Lemma laplacian_quad_form_ge A y p q : laplacian A -> p != q ->
  - A p q * (y p 0 - y q 0) ^+ 2 <= (y^T *m A *m y) 0 0.
Proof.
move=> lapA p_neq_q; have [_ A_offdiag _] := lapA.
pose g i j := - A i j * (y i 0 - y j 0) ^+ 2.
have g_ge0 i j : 0 <= g i j.
  have [<-|i_neq_j] := eqVneq i j; first by rewrite /g subrr expr0n mulr0.
  by rewrite mulr_ge0 ?sqr_ge0 // oppr_ge0 A_offdiag.
have gqp : g q p = g p q.
  by rewrite /g (laplacian_symE lapA) -opprB sqrrN.
suff : g p q + g q p <= \sum_i \sum_j g i j.
  by rewrite -laplacian_quad_formE // gqp /g; lra.
have g_le_row i j : g i j <= \sum_j' g i j'.
  by rewrite (bigD1 j) //= lerDl sumr_ge0.
apply: le_trans (lerD (g_le_row p q) (g_le_row q p)) _.
rewrite [leRHS](bigD1 p) //= lerD2l [leRHS](bigD1 q) 1?eq_sym //=.
by rewrite lerDl; apply: sumr_ge0 => i _; apply: sumr_ge0.
Qed.

End LaplacianQuadForm.

Lemma psd_block_laplacian (F : realFieldType) m (A : 'M[F]_m) p q s :
  laplacian A -> p != q -> 0 < s -> s <= - A q p ->
  let e := \col_i ((i == q)%:R - (i == p)%:R) in
  psd (block_mx (1 / s)%:M e^T e A).
Proof.
move=> lapA p_neq_q s_gt0 s_le e; have [A_sym _ _] := lapA.
split; first by rewrite tr_block_mx trmxK tr_scalar_mx A_sym.
have eE : e = delta_mx q 0 - delta_mx p 0.
  by apply/matrixP => i j; rewrite !mxE ord1 !andbT.
have mx11E (M N : 'M[F]_1) : (M + N) 0 0 = M 0 0 + N 0 0 by rewrite mxE.
move=> x; rewrite -[x]vsubmxK; move: (usubmx x) (dsubmx x) => u y.
rewrite tr_col_mx mul_row_block mul_row_col !mulmxDl !mx11E.
have eTy : e^T *m y = row q y - row p y.
  by rewrite eE linearB /= !trmx_delta mulmxBl -!rowE.
have yTe : y^T *m e = (row q y - row p y)^T by rewrite -eTy trmx_mul trmxK.
have q_neq_p : q != p by rewrite eq_sym.
have := laplacian_quad_form_ge y lapA q_neq_p.
set Q := (y^T *m A *m y) 0 0.
rewrite [u]mx11_scalar tr_scalar_mx -!mulmxA !mul_scalar_mx mulmxA yTe eTy.
rewrite mul_mx_scalar !mxE eqxx mulr1n.
set a := u 0 0; set t := y q 0 - y p 0 => Q_ge.
have stQ : s * t ^+ 2 <= Q by apply: le_trans Q_ge; rewrite ler_wpM2r ?sqr_ge0.
have square_ge0 : 0 <= (a + s * t) ^+ 2 / s by rewrite divr_ge0 ?sqr_ge0 ?ltW.
have -> : a * (1 / s * a) + a * t + (a * t + Q) =
    (a + s * t) ^+ 2 / s + (Q - s * t ^+ 2).
  by field; rewrite lt0r_neq0.
by rewrite addr_ge0 ?subr_ge0.
Qed.

Section Construction.
Variable R : rcfType.
Local Notation rho := (rho R).
Local Notation alpha := (alpha R).
Local Notation cv := (cv R).
Local Notation dv := (dv R).
Local Notation Nf := (Nf R).
Local Notation Lbarf := (Lbarf R).

Lemma sqrt2_gt0 : 0 < Num.sqrt 2 :> R.
Proof. by rewrite sqrtr_gt0 ltr0n. Qed.

Lemma sqr_sqrt2 : Num.sqrt 2 ^+ 2 = 2 :> R.
Proof. by rewrite sqr_sqrtr // ler0n. Qed.

Lemma rho_sqr : rho ^+ 2 = 2 * rho + 1.
Proof. have := sqr_sqrt2; rewrite /Defs.rho => h; ring: h. Qed.

Lemma rho_gt0 : 0 < rho.
Proof. have := sqrt2_gt0; rewrite /Defs.rho; lra. Qed.

Lemma rhoX_gt0 n : 0 < rho ^+ n.
Proof. exact: exprn_gt0 rho_gt0. Qed.

Lemma invrho : rho^-1 = rho - 2.
Proof.
apply: (mulfI (lt0r_neq0 rho_gt0)); rewrite mulfV ?lt0r_neq0 ?rho_gt0 //.
by have := rho_sqr => h; ring: h.
Qed.

Lemma invrhoXS n : rho ^- n.+1 = (rho - 2) / rho ^+ n.
Proof. by rewrite exprS invfM invrho. Qed.

Lemma dimS k : dim k.+1 = (dim k + (dim k).+1)%N.
Proof. by rewrite /dim expnS; have := expn_gt0 2 k; lia. Qed.

Lemma dimS_gt0 k : (0 < dim k.+1)%N.
Proof. by rewrite /dim expnS; have := expn_gt0 2 k; lia. Qed.

Lemma alpha_gt0 t : 0 < alpha t.
Proof. by rewrite /Defs.alpha addr_gt0 ?exprz_gt0 ?rho_gt0. Qed.

Lemma alpha0 : alpha 0 = Num.sqrt 2.
Proof. by rewrite /Defs.alpha /nu logn1 /= exprN1 invrho /Defs.rho; ring. Qed.

Lemma alpha_dim k : alpha (dim k.+1) = rho ^+ k + 1.
Proof.
rewrite /Defs.alpha /nu /dim prednK ?expn_gt0 // pfactorK //.
by rewrite -addn1 PoszD addrK exprnP.
Qed.

Lemma alpha_dimD k t : (t < dim k)%N -> alpha ((dim k).+1 + t) = alpha t.
Proof.
move=> t_lt; rewrite /Defs.alpha /nu -addnS /Defs.dim prednK ?expn_gt0 //.
by rewrite logn_pexpD //; move: t_lt; rewrite /Defs.dim; lia.
Qed.

Lemma sum_dimS k (f : nat -> R) :
  \sum_(0 <= j < dim k.+1) f j =
  \sum_(0 <= j < dim k) f j + f (dim k) + \sum_(0 <= j < dim k) f ((dim k).+1 + j)%N.
Proof. by rewrite dimS big_nat_split_mid. Qed.

Section Blocks.
Variables (k : nat) (N : nat -> nat -> R).
Local Notation n := (dim k).

Lemma blk_ll i j : (i < n)%N -> (j < n)%N -> blk k N i j = N i j.
Proof. by move=> i_lt j_lt; rewrite /blk i_lt j_lt. Qed.

Lemma blk_lm i : (i < n)%N -> blk k N i n = - rho ^+ k * dv k i.
Proof. by move=> i_lt; rewrite /blk i_lt ltnn eqxx. Qed.

Lemma blk_lr i t : (i < n)%N -> blk k N i (n.+1 + t) = 0.
Proof. by move=> i_lt; rewrite /blk i_lt addSn_ltnF addSn_eqF. Qed.

Lemma blk_ml j : (j < n)%N -> blk k N n j = - rho ^+ k * dv k j.
Proof. by move=> j_lt; rewrite /blk j_lt ltnn eqxx. Qed.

Exercise description: Each line of the records above must be copied exactly.

Result of the task:
Lemma laplacian_quad_form_ge A y p q : laplacian A -> p != q ->
  - A p q * (y p 0 - y q 0) ^+ 2 <= (y^T *m A *m y) 0 0.
Proof.
move=> lapA p_neq_q; have [_ A_offdiag _] := lapA.
pose g i j := - A i j * (y i 0 - y j 0) ^+ 2.
have g_ge0 i j : 0 <= g i j.
  have [<-|i_neq_j] := eqVneq i j; first by rewrite /g subrr expr0n mulr0.
  by rewrite mulr_ge0 ?sqr_ge0 // oppr_ge0 A_offdiag.
have gqp : g q p = g p q.
  by rewrite /g (laplacian_symE lapA) -opprB sqrrN.
suff : g p q + g q p <= \sum_i \sum_j g i j.
  by rewrite -laplacian_quad_formE // gqp /g; lra.
have g_le_row i j : g i j <= \sum_j' g i j'.
  by rewrite (bigD1 j) //= lerDl sumr_ge0.
apply: le_trans (lerD (g_le_row p q) (g_le_row q p)) _.
rewrite [leRHS](bigD1 p) //= lerD2l [leRHS](bigD1 q) 1?eq_sym //=.
by rewrite lerDl; apply: sumr_ge0 => i _; apply: sumr_ge0.
Qed.

End LaplacianQuadForm.

Lemma psd_block_laplacian (F : realFieldType) m (A : 'M[F]_m) p q s :
  laplacian A -> p != q -> 0 < s -> s <= - A q p ->
  let e := \col_i ((i == q)%:R - (i == p)%:R) in
  psd (block_mx (1 / s)%:M e^T e A).
Proof.
move=> lapA p_neq_q s_gt0 s_le e; have [A_sym _ _] := lapA.
split; first by rewrite tr_block_mx trmxK tr_scalar_mx A_sym.
have eE : e = delta_mx q 0 - delta_mx p 0.
  by apply/matrixP => i j; rewrite !mxE ord1 !andbT.
have mx11E (M N : 'M[F]_1) : (M + N) 0 0 = M 0 0 + N 0 0 by rewrite mxE.
move=> x; rewrite -[x]vsubmxK; move: (usubmx x) (dsubmx x) => u y.
rewrite tr_col_mx mul_row_block mul_row_col !mulmxDl !mx11E.
have eTy : e^T *m y = row q y - row p y.
  by rewrite eE linearB /= !trmx_delta mulmxBl -!rowE.
have yTe : y^T *m e = (row q y - row p y)^T by rewrite -eTy trmx_mul trmxK.
have q_neq_p : q != p by rewrite eq_sym.
have := laplacian_quad_form_ge y lapA q_neq_p.
set Q := (y^T *m A *m y) 0 0.
rewrite [u]mx11_scalar tr_scalar_mx -!mulmxA !mul_scalar_mx mulmxA yTe eTy.
rewrite mul_mx_scalar !mxE eqxx mulr1n.
set a := u 0 0; set t := y q 0 - y p 0 => Q_ge.
have stQ : s * t ^+ 2 <= Q by apply: le_trans Q_ge; rewrite ler_wpM2r ?sqr_ge0.
have square_ge0 : 0 <= (a + s * t) ^+ 2 / s by rewrite divr_ge0 ?sqr_ge0 ?ltW.
have -> : a * (1 / s * a) + a * t + (a * t + Q) =
    (a + s * t) ^+ 2 / s + (Q - s * t ^+ 2).
  by field; rewrite lt0r_neq0.
by rewrite addr_ge0 ?subr_ge0.
Qed.

Section Construction.
Variable R : rcfType.
Local Notation rho := (rho R).
Local Notation alpha := (alpha R).
Local Notation cv := (cv R).
Local Notation dv := (dv R).
Local Notation Nf := (Nf R).
Local Notation Lbarf := (Lbarf R).

Lemma sqrt2_gt0 : 0 < Num.sqrt 2 :> R.
Proof. by rewrite sqrtr_gt0 ltr0n. Qed.

Lemma sqr_sqrt2 : Num.sqrt 2 ^+ 2 = 2 :> R.
Proof. by rewrite sqr_sqrtr // ler0n. Qed.

Lemma rho_sqr : rho ^+ 2 = 2 * rho + 1.
Proof. have := sqr_sqrt2; rewrite /Defs.rho => h; ring: h. Qed.

Lemma rho_gt0 : 0 < rho.
Proof. have := sqrt2_gt0; rewrite /Defs.rho; lra. Qed.

Lemma rhoX_gt0 n : 0 < rho ^+ n.
Proof. exact: exprn_gt0 rho_gt0. Qed.

Lemma invrho : rho^-1 = rho - 2.
Proof.
apply: (mulfI (lt0r_neq0 rho_gt0)); rewrite mulfV ?lt0r_neq0 ?rho_gt0 //.
by have := rho_sqr => h; ring: h.
Qed.

Lemma invrhoXS n : rho ^- n.+1 = (rho - 2) / rho ^+ n.
Proof. by rewrite exprS invfM invrho. Qed.

Lemma dimS k : dim k.+1 = (dim k + (dim k).+1)%N.
Proof. by rewrite /dim expnS; have := expn_gt0 2 k; lia. Qed.

Lemma dimS_gt0 k : (0 < dim k.+1)%N.
Proof. by rewrite /dim expnS; have := expn_gt0 2 k; lia. Qed.

Lemma alpha_gt0 t : 0 < alpha t.
Proof. by rewrite /Defs.alpha addr_gt0 ?exprz_gt0 ?rho_gt0. Qed.

Lemma alpha0 : alpha 0 = Num.sqrt 2.
Proof. by rewrite /Defs.alpha /nu logn1 /= exprN1 invrho /Defs.rho; ring. Qed.

Lemma alpha_dim k : alpha (dim k.+1) = rho ^+ k + 1.
Proof.
rewrite /Defs.alpha /nu /dim prednK ?expn_gt0 // pfactorK //.
by rewrite -addn1 PoszD addrK exprnP.
Qed.

Lemma alpha_dimD k t : (t < dim k)%N -> alpha ((dim k).+1 + t) = alpha t.
Proof.
move=> t_lt; rewrite /Defs.alpha /nu -addnS /Defs.dim prednK ?expn_gt0 //.
by rewrite logn_pexpD //; move: t_lt; rewrite /Defs.dim; lia.
Qed.

Lemma sum_dimS k (f : nat -> R) :
  \sum_(0 <= j < dim k.+1) f j =
  \sum_(0 <= j < dim k) f j + f (dim k) + \sum_(0 <= j < dim k) f ((dim k).+1 + j)%N.
Proof. by rewrite dimS big_nat_split_mid. Qed.

Section Blocks.
Variables (k : nat) (N : nat -> nat -> R).
Local Notation n := (dim k).

Lemma blk_ll i j : (i < n)%N -> (j < n)%N -> blk k N i j = N i j.
Proof. by move=> i_lt j_lt; rewrite /blk i_lt j_lt. Qed.

Lemma blk_lm i : (i < n)%N -> blk k N i n = - rho ^+ k * dv k i.
Proof. by move=> i_lt; rewrite /blk i_lt ltnn eqxx. Qed.

Lemma blk_lr i t : (i < n)%N -> blk k N i (n.+1 + t) = 0.
Proof. by move=> i_lt; rewrite /blk i_lt addSn_ltnF addSn_eqF. Qed.

Lemma blk_ml j : (j < n)%N -> blk k N n j = - rho ^+ k * dv k j.
Proof. by move=> j_lt; rewrite /blk j_lt ltnn eqxx. Qed.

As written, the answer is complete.